Review: Potion Permit
Developer: MassHive Media
Available on: Nintendo Switch, PlayStation 4|5, Xbox One, Xbox Series X|S, PC (Steam)
I checked out Potion Permit during a press preview at PAX East earlier this year, and my interest was already piqued by what I saw in the preview, but I was curious to know how the rest of the game holds up. Potion Permit has players take on the role of a chemist from what is simply referred to as 'the capital' to treat the citizens of Moonbury. The citizens of Moonbury distrust anyone from the capital due to an accident caused by the last chemist, and it's your job to convince them to trust you.
The wariness of the villagers when first entering the town is quite palpable in how they practically shun your chemist. A local witch doctor downright hates your presence in the town, so don't expect him to come around anytime soon. Once you gain the approval of the Mayor, though, they warm up quickly. There is a slew of townspeople to interact with, and in that aspect, Potion Permit shines. The characters are each unique with their own relationships with other characters, and they all have their concerns and plotlines that can be unlocked by gaining their friendship through talk and gift-giving interactions. The latter is given as Moon Cloves, which can be earned through events in the game, such as treating patients correctly.
As a chemist in Potion Permit, treating patients is fairly simple if you manage your resources well and can pass the mini-games that are often part of diagnosis. Potion Permit is chock full of mini-games. Mixing potions in your cauldron requires you to fit blocks representing your ingredients into a larger shape made of squares. Diagnosis of a patient has variations on mini-games that require you to make the correct input as they show up on screen. Part-time jobs include sorting and making more correct inputs as you race against a timer. There's even a Whack-a-Nut-Mole game in the arcade.

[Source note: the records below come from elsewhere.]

(* Suppose that $\xi(0)\ge4d$. Then for every $t\ge0$, \[P^\xi\Big(N(0,t)<\tfrac12e^{(\xi(0)-2d)t}\Big)\le\frac{15}{16}.\]
   Context: $(\xi(z))_{z\in\mathbb{Z}^d}$ is a fixed non-negative potential. $P^\xi$ is the law of the branching random walk started with a single particle at the origin: each particle performs a continuous-time simple symmetric random walk on $\mathbb{Z}^d$ (jumping to each of its $2d$ neighbours at rate $1$), and a particle at site $z$ splits into two particles at rate $\xi(z)$, the offspring behaving independently in the same way. $N(z,t)$ denotes the number of particles at site $z$ at time $t$. *)

(* Law of the branching random walk (BRW) on Z^d
   described as the (minimal) continuous-time Markov chain on particle
   configurations, via the jump-chain / backward integral-equation expansion. *)
From Stdlib Require Import Reals Lra ZArith List.
From Coquelicot Require Import Coquelicot.
Import ListNotations.
Open Scope R_scope.

Definition site := list Z.
Definition origin (d : nat) : site := repeat 0%Z d.

Fixpoint addk (p : site) (k : nat) (v : Z) : site :=
  match p, k with
  | nil, _ => nil
  | a :: p', O => (a + v)%Z :: p'
  | a :: p', S k' => a :: addk p' k' v
  end.

(* configuration = list of positions of the (labelled) particles *)
Definition config := list site.

Fixpoint replace_nth (x : config) (i : nat) (b : site) : config :=
  match x, i with
  | nil, _ => nil
  | _ :: x', O => b :: x'
  | a :: x', S i' => a :: replace_nth x' i' b
  end.
(* With [v = acos (cos uk / cos t1) <= uk] one has [tan v = tan uk * gam t1 uk], so
   [Phi0 t1 K uk = K - (tan v - v) >= K - (tan uk - uk) = 0]. *)
Lemma Phi0_root_nonneg : t1 < uk -> 0 <= Phi0 t1 K uk.
Proof.
  intros Hlt. pose proof PI_RGT_0.
  assert (Hu : t1 < uk < PI - t1) by lra.
  pose proof cos_t1_bounds. pose proof (abs_cos_lt_cos_t1 uk Hu).
  assert (Hcuk : 0 < cos uk) by (apply cos_gt_0; lra).
  set (x := cos uk / cos t1).
  assert (Hx : cos uk < x < 1).
  { unfold x. split; apply (Rmult_lt_reg_r (cos t1)); try lra; field_simplify; nra. }
  set (v := acos x).
  assert (Hv : 0 <= v <= uk).
  { pose proof (acos_bound x) as Hb. fold v in Hb. split; [lra|].
    destruct (Rle_dec v uk) as [Hle | Hgt]; [exact Hle|].
    assert (cos v < cos uk) by (apply cos_decreasing_1; lra).
    unfold v in *. rewrite cos_acos in *; lra. }
  assert (Htan_v : tan v = (uk + K) * gam t1 uk).
  { unfold v. rewrite tan_acos by lra. unfold x at 1.
    rewrite (sqrt_1_sub_cos_ratio_sqr uk Hu), <- Htan_uk. unfold x, tan. field. lra. }
  assert (tan v - v <= tan uk - uk).
  { destruct (Req_dec v uk) as [Heq | Hne]; [rewrite Heq; lra|].
    left. apply tan_sub_id_strict_incr; lra. }
  unfold Phi0. fold x v. nra.
Qed.

End Root.

End ReducedInterval.

Theorem lemma5p14 (theta1 : R) (k : nat) (eta_k : R) :
  0 < theta1 < PI / 2 ->
  INR k * PI <= eta_k < INR k * PI + PI / 2 ->
  tan eta_k = eta_k ->
  (forall x, INR k * PI <= x < INR k * PI + PI / 2 -> tan x = x -> x = eta_k) ->
  Phi theta1 k (theta1 + INR k * PI) = INR k * PI /\
  Phi theta1 k ((INR k + 1) * PI - theta1) = (INR k + 1) * PI /\
  (theta1 < eta_k - INR k * PI ->
     (forall x y, theta1 + INR k * PI <= x -> x < y -> y <= eta_k ->
        Phi theta1 k y < Phi theta1 k x) /\
     0 <= Phi theta1 k eta_k /\
     (forall x y, eta_k <= x -> x < y -> y <= (INR k + 1) * PI - theta1 ->
        Phi theta1 k x < Phi theta1 k y)) /\
  (eta_k - INR k * PI <= theta1 ->
     forall x y, Ik theta1 k x -> Ik theta1 k y -> x < y ->
        Phi theta1 k x < Phi theta1 k y).
Proof.
  intros Ht1 Heta Htan _. pose proof PI_RGT_0. unfold Ik.
  replace ((INR k + 1) * PI) with (INR k * PI + PI) by ring.
  assert (HK : 0 <= INR k * PI) by (apply Rmult_le_pos; [apply pos_INR | lra]).
  set (K := INR k * PI) in *. set (uk := eta_k - K).
  assert (Huk : 0 <= uk < PI / 2) by (unfold uk; lra).
  assert (Htan_uk : tan uk = uk + K).
  { unfold K. rewrite <- (tan_plus_INR_PI k uk) by (apply Rgt_not_eq, cos_gt_0; lra).
    unfold uk, K. replace (eta_k - INR k * PI + INR k * PI) with eta_k by ring.
    rewrite Htan. ring. }
  split; [|split; [|split]]; intros; rewrite ?Phi_eq_Phi0; fold K.
  - replace (theta1 + K - K) with theta1 by ring. apply Phi0_t1, Ht1.
  - replace (K + PI - theta1 - K) with (PI - theta1) by ring. apply Phi0_PI_sub_t1, Ht1.
  - split; [|split]; intros; rewrite ?Phi_eq_Phi0; fold K.
    + apply (Phi0_strict_decr theta1 Ht1 K uk); unfold uk in *; lra.
    + apply (Phi0_root_nonneg theta1 Ht1 K uk); unfold uk in *; lra.
    + apply (Phi0_strict_incr theta1 Ht1 K uk); unfold uk in *; lra.
  - apply (Phi0_strict_incr theta1 Ht1 K uk); unfold uk in *; lra.
Qed.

As mentioned before, diagnosing and treating patients correctly easily earns you Moon Cloves to be given to villagers, which significantly boosts your relationship with them. Potion Permit does offer the ability to romance three bachelors and three bachelorettes, but frankly, I found this aspect of the game lacking, and if anything, unnecessary, as building friendships with the vast majority of Moonbury residents was more interesting.
While Potion Permit shines with its NPCs, some other enjoyable aspects of it include the overall aesthetic of the game. The pixelated art is well-detailed and quite nice to look at. The sounds of Potion Permit aren't much to give a nod to, however. The character art is detailed enough to provide each NPC with a unique and recognizable look, and your player character has some options in hair, clothing, and colors that allow for various simplified looks. Part of me wished there were a few more hair options, but I was also good with what options already exist.
Another positive for Potion Permit is that there was no shortage of quests and things to do around Moonbury. Whether helping the residents, gathering potion materials, fishing, cooking, or taking on part-time jobs, Moonbury offers plenty to do around town to keep your day busy. You can even pet the dog and talk to and befriend the local cat.
Now, let's get down to some of the less fine points of Potion Permit: The game is buggy. Frankly, I'm rarely bothered by the occasional glitch or bug. Creating a game is difficult; it takes time to work out the kinks. In Potion Permit's case, some bugs make it impossible to continue the game, and as a result, you have to reset it. This would also be less of a problem if you could save anytime, but you can't. Potion Permit only has an autosave feature, which only occurs when sleeping at night. That's right; if your game glitches or a bug hits you that doesn't allow you to progress, you have to start the whole day over.
There do seem to be some differences in playability. It seems on consoles like the Switch and lower-end PCs; there is a chance of stuttering. Higher-end consoles and PCs, however, appear to experience that less, but the problems with bugs persist.
One more gripe I have is that the text is kinda small on smaller screens and monitors.
Overall, Potion Permit is a great fit for you if you're a gamer who enjoys interacting with NPCs and mini-games. However, if you're the type who cannot deal with bugs whatsoever, perhaps give Potion Permit's developers some time to work things out before playing. All-in-all, Potion Permit is a charming casual adventure RPG that exceeded my initial impression of it at PAX East. It just has a few bumps in playability here and there.